**WORK TO BE COMPLETED:** Look below. Copy each line that has "Local" in it.
--- STUDY MATERIAL Enclosed Below ---
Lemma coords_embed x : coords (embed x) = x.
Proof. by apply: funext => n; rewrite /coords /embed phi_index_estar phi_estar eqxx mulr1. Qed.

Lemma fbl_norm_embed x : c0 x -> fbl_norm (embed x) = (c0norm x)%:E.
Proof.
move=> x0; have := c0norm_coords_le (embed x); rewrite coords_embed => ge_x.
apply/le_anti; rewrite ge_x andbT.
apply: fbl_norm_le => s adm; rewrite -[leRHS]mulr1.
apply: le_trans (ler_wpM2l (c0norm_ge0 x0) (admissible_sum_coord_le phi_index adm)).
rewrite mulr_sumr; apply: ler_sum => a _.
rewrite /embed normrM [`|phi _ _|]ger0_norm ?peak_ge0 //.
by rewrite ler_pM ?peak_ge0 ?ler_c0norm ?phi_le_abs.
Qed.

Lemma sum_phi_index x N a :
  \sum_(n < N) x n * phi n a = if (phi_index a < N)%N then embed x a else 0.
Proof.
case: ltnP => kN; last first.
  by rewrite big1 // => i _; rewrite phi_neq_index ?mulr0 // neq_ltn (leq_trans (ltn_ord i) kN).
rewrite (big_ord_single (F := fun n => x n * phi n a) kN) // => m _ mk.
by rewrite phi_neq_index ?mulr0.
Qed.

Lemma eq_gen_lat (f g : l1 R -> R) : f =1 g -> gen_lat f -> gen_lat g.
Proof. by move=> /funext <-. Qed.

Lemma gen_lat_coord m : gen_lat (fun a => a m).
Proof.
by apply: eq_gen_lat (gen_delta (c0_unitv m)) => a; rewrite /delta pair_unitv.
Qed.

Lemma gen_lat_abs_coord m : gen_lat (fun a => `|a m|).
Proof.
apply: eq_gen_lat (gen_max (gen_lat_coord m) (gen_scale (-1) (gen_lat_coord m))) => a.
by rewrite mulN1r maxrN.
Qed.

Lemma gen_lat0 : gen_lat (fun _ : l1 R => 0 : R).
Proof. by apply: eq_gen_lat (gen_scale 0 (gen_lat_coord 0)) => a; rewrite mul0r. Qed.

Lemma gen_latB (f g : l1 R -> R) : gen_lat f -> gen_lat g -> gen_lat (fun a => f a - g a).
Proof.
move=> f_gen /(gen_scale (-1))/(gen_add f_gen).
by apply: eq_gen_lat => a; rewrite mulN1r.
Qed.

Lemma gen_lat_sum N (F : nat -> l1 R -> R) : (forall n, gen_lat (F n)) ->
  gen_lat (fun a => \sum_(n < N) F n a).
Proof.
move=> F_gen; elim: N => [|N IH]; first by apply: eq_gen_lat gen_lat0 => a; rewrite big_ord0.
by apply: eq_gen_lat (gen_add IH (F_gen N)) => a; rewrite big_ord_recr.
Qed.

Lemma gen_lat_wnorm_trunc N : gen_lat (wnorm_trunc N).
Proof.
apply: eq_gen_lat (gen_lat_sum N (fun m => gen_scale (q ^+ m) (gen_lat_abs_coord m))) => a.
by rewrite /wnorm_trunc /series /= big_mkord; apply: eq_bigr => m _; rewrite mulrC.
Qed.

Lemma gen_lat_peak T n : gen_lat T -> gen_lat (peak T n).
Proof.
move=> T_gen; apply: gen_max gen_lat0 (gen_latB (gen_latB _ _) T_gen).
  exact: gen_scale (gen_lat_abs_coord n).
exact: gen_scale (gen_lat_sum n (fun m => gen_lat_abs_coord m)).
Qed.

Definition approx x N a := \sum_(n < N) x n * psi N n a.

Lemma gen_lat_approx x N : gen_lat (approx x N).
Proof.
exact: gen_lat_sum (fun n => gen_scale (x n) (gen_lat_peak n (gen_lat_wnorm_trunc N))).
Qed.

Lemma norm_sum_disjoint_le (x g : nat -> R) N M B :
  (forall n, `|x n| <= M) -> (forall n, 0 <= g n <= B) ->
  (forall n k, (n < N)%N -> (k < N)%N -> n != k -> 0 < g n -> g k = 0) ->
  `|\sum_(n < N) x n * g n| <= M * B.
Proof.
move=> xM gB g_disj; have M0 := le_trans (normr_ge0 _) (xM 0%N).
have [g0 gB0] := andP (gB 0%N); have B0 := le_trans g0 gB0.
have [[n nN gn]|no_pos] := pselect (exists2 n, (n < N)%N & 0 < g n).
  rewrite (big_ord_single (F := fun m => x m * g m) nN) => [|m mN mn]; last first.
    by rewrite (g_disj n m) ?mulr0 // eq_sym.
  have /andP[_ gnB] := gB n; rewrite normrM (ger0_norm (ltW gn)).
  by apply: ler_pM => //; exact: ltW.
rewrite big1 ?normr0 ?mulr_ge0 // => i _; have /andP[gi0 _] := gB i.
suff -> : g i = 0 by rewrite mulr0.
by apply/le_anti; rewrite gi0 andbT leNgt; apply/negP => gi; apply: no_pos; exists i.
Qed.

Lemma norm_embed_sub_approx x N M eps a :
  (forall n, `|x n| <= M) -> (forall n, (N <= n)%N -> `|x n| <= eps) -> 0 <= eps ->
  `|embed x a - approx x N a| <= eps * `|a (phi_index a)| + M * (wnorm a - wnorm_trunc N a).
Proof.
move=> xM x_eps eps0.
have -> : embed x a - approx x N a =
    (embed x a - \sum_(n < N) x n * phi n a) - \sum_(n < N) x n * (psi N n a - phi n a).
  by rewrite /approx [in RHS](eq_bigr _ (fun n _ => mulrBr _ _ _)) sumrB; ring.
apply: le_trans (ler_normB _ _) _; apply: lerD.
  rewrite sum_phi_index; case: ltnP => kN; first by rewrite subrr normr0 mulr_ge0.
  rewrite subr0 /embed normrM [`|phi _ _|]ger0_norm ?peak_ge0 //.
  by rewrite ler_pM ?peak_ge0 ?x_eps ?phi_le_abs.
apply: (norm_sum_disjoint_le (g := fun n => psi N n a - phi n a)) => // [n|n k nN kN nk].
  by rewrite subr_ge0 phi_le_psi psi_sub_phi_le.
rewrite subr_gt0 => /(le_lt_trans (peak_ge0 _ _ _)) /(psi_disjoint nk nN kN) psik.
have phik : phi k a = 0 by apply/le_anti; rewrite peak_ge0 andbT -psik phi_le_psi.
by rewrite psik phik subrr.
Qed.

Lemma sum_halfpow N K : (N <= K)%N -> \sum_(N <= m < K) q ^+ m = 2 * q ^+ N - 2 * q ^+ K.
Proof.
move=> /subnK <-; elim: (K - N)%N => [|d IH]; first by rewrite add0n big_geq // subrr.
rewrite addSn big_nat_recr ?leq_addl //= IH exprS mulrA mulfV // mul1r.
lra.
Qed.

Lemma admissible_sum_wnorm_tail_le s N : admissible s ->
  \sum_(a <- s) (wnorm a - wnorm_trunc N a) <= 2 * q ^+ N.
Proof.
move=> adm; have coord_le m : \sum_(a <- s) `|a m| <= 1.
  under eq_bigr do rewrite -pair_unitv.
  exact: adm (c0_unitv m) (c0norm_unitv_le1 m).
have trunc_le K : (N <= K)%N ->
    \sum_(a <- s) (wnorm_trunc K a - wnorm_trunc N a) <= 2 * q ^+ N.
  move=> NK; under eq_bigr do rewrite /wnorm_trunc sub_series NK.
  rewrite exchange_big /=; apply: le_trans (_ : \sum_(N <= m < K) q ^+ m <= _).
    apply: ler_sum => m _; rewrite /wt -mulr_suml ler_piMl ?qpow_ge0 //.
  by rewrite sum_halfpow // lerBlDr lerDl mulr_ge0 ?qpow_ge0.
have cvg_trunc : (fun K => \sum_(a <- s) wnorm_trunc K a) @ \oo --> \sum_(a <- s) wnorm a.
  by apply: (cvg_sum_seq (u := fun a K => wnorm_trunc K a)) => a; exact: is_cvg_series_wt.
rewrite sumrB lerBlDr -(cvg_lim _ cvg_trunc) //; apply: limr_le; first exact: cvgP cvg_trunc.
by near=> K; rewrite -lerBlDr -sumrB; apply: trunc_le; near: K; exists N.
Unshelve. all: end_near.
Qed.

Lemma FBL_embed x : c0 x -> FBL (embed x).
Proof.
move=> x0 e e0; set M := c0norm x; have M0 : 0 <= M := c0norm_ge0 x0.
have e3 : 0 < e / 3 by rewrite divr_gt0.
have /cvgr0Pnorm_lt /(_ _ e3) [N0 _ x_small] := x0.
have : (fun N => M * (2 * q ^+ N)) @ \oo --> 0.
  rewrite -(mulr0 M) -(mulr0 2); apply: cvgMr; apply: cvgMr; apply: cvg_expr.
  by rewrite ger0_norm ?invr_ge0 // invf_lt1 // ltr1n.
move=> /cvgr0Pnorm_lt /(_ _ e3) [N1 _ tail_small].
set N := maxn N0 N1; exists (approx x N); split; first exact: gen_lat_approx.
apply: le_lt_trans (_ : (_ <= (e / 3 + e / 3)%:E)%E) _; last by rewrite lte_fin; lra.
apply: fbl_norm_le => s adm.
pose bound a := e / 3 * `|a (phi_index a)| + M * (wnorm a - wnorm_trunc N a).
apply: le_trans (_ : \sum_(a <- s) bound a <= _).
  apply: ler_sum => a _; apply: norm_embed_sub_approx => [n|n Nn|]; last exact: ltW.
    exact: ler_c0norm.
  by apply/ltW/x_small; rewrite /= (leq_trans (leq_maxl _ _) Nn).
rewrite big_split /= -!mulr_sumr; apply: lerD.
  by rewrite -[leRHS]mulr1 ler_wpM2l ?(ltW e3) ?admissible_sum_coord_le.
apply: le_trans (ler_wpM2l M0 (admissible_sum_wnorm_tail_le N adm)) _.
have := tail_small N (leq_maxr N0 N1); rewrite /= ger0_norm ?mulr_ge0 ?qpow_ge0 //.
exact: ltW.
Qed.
--- End of Enclosed STUDY MATERIAL ---
--- STUDY MATERIAL Enclosed Below ---
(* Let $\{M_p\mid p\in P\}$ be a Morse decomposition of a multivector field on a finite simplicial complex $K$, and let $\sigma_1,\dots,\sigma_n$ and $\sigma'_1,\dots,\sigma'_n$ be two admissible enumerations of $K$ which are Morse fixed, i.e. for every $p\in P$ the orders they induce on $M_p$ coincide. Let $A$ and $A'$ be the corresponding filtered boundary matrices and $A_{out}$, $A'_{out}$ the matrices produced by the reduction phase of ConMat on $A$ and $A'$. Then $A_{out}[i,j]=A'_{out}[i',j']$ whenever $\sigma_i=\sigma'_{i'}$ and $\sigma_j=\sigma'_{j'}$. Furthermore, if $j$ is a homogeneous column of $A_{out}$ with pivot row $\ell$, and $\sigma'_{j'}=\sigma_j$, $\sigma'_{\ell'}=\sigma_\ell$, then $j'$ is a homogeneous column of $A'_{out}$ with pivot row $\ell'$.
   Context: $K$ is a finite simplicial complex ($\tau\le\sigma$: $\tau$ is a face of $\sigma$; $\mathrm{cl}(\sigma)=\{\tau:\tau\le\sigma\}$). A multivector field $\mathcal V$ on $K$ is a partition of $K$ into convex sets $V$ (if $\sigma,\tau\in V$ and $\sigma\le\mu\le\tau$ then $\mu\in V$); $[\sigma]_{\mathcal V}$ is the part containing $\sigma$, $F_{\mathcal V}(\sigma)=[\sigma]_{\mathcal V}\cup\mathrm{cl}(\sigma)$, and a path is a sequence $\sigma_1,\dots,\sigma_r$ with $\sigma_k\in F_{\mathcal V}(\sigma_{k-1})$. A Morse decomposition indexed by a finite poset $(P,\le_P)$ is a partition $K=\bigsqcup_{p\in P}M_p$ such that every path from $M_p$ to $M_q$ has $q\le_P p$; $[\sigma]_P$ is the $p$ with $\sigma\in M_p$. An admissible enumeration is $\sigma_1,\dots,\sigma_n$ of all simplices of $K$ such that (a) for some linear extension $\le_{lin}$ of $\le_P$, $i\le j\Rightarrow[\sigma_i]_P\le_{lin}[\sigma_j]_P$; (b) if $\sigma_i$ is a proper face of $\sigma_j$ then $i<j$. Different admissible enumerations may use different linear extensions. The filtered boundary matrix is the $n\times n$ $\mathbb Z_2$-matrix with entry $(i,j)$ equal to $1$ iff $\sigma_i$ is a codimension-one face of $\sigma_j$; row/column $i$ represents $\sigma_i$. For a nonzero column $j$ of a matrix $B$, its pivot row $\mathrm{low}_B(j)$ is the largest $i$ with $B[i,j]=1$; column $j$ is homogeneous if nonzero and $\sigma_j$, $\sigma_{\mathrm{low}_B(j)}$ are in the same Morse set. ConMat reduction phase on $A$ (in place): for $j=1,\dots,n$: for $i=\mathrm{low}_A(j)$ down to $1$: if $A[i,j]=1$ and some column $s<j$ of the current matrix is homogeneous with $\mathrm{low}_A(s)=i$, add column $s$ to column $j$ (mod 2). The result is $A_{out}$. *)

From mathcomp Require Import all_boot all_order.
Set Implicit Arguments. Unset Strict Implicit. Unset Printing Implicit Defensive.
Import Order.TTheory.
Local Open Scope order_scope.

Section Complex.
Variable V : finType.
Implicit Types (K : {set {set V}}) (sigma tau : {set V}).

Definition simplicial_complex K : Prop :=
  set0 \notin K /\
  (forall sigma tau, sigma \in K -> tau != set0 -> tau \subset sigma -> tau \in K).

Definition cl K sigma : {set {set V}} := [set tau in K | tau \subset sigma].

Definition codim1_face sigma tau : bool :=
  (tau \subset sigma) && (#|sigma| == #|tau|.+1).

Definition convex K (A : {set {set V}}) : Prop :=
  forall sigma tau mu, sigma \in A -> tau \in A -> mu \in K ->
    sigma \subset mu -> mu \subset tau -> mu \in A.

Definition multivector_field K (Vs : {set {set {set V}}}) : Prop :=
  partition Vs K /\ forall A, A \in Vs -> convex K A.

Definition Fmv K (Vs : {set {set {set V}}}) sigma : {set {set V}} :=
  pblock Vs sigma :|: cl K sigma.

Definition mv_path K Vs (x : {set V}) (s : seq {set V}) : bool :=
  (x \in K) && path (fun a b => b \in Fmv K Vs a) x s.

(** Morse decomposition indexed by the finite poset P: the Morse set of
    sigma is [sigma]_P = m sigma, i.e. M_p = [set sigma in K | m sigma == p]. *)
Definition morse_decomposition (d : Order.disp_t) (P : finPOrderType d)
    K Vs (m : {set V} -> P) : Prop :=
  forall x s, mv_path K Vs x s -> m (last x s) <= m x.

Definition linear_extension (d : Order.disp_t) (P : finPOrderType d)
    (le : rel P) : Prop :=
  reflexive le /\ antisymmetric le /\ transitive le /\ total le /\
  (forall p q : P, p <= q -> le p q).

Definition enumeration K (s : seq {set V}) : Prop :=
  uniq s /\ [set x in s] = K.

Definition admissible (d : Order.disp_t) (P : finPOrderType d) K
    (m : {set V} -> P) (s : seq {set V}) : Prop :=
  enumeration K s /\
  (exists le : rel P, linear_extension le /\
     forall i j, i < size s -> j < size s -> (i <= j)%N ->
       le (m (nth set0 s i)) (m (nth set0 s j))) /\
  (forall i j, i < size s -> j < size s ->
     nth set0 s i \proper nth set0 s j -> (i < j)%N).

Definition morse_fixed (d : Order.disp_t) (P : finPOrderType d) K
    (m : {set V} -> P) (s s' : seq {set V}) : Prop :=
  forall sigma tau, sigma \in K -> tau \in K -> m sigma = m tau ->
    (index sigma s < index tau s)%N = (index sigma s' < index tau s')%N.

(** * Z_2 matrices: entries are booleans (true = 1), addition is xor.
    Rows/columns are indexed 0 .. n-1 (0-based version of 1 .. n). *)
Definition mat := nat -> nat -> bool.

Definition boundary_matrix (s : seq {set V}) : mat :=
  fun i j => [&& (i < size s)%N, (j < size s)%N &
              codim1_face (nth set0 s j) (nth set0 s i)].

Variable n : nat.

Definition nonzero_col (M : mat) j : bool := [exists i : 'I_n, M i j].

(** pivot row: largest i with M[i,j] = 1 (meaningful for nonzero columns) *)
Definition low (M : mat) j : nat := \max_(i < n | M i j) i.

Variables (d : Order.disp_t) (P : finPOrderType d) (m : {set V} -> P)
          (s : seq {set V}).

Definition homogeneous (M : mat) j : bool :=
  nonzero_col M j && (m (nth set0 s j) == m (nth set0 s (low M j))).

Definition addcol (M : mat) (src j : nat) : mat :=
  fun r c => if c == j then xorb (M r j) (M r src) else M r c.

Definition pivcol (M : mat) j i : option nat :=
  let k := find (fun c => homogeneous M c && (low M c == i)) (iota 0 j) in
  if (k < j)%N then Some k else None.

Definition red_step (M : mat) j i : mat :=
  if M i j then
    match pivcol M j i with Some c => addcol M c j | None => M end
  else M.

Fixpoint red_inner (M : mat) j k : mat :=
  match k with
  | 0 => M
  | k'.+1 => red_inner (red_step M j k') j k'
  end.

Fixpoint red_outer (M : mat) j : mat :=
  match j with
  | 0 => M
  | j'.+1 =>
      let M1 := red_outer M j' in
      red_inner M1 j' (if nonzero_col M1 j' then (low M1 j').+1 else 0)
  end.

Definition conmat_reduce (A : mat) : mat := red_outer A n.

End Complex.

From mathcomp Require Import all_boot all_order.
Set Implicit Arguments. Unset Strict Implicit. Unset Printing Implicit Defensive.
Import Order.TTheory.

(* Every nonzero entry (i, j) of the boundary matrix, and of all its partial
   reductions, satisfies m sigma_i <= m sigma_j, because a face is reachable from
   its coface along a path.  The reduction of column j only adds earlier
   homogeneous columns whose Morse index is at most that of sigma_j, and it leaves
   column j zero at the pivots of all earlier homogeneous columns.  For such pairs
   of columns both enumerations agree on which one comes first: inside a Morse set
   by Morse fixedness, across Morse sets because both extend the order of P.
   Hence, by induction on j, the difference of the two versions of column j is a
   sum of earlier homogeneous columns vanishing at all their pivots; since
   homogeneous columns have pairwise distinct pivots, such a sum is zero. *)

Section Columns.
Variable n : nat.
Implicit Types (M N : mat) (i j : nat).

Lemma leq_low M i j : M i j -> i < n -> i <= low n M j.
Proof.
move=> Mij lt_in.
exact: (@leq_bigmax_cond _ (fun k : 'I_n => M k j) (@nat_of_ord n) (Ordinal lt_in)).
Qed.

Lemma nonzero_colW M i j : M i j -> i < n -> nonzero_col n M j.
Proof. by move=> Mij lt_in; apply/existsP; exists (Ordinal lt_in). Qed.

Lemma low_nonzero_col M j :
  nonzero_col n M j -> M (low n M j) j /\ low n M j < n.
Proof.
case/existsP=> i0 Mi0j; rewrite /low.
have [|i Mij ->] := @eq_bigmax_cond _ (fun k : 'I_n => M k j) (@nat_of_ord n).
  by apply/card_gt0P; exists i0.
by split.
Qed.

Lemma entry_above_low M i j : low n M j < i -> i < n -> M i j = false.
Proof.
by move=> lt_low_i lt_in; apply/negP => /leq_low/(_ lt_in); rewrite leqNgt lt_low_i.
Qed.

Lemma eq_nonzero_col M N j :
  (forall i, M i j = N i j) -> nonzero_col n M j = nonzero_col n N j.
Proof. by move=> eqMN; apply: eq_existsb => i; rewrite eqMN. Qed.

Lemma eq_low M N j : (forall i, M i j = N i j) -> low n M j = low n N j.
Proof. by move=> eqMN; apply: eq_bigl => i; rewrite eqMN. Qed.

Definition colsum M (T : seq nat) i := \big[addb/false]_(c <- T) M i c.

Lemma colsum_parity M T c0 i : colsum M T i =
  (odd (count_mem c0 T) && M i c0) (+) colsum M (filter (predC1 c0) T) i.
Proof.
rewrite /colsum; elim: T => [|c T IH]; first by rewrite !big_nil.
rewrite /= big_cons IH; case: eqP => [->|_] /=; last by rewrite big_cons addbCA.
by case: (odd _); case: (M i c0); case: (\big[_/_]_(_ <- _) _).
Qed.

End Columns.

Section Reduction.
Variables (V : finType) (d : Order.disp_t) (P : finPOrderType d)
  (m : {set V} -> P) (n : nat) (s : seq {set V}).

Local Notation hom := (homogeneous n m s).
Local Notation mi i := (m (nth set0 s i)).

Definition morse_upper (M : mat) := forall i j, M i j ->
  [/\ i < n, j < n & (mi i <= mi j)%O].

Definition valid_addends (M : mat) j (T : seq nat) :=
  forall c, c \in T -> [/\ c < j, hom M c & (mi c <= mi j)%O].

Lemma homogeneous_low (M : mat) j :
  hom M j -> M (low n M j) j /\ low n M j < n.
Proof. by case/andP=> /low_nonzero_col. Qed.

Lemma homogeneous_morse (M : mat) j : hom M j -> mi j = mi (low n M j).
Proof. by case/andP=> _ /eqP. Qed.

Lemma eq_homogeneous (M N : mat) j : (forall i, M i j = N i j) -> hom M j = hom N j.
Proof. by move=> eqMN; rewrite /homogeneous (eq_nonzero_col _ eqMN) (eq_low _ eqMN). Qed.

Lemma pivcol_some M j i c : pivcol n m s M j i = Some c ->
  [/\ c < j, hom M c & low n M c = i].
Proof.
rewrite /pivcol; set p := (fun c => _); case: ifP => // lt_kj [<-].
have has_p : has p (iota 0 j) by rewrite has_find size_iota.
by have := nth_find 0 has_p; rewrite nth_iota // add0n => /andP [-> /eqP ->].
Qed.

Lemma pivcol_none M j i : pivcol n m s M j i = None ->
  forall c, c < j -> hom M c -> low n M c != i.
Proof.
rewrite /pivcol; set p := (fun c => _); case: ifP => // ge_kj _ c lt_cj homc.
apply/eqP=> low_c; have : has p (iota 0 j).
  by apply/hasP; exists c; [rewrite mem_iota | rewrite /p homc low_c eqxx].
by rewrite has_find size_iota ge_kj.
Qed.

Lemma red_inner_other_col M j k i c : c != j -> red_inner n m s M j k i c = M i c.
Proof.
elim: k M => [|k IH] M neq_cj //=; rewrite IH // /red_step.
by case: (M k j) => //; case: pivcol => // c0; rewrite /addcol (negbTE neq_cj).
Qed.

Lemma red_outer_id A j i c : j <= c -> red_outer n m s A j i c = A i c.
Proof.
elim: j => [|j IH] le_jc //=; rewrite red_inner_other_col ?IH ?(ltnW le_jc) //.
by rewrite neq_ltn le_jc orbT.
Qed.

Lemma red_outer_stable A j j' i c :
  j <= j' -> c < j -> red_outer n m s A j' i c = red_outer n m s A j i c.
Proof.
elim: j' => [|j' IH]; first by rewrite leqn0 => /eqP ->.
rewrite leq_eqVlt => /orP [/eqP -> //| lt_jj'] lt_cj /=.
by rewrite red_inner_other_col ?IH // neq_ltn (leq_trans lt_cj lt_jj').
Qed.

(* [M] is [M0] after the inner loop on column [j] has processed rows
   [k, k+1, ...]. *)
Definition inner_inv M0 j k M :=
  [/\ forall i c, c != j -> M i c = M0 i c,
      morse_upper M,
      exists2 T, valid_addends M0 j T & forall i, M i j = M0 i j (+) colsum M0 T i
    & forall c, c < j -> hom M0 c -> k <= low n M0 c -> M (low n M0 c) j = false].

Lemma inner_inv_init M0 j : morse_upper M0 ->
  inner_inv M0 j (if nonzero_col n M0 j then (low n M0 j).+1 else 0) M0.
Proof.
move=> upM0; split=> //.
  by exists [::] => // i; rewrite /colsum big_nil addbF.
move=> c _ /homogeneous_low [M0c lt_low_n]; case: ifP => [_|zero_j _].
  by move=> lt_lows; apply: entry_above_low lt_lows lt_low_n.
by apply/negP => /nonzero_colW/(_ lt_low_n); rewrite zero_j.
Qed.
--- End of Enclosed STUDY MATERIAL ---
**PROBLEM SOLUTION:**
Local Open Scope order_scope.
Local Notation hom := (homogeneous n m s).
Local Notation mi i := (m (nth set0 s i)).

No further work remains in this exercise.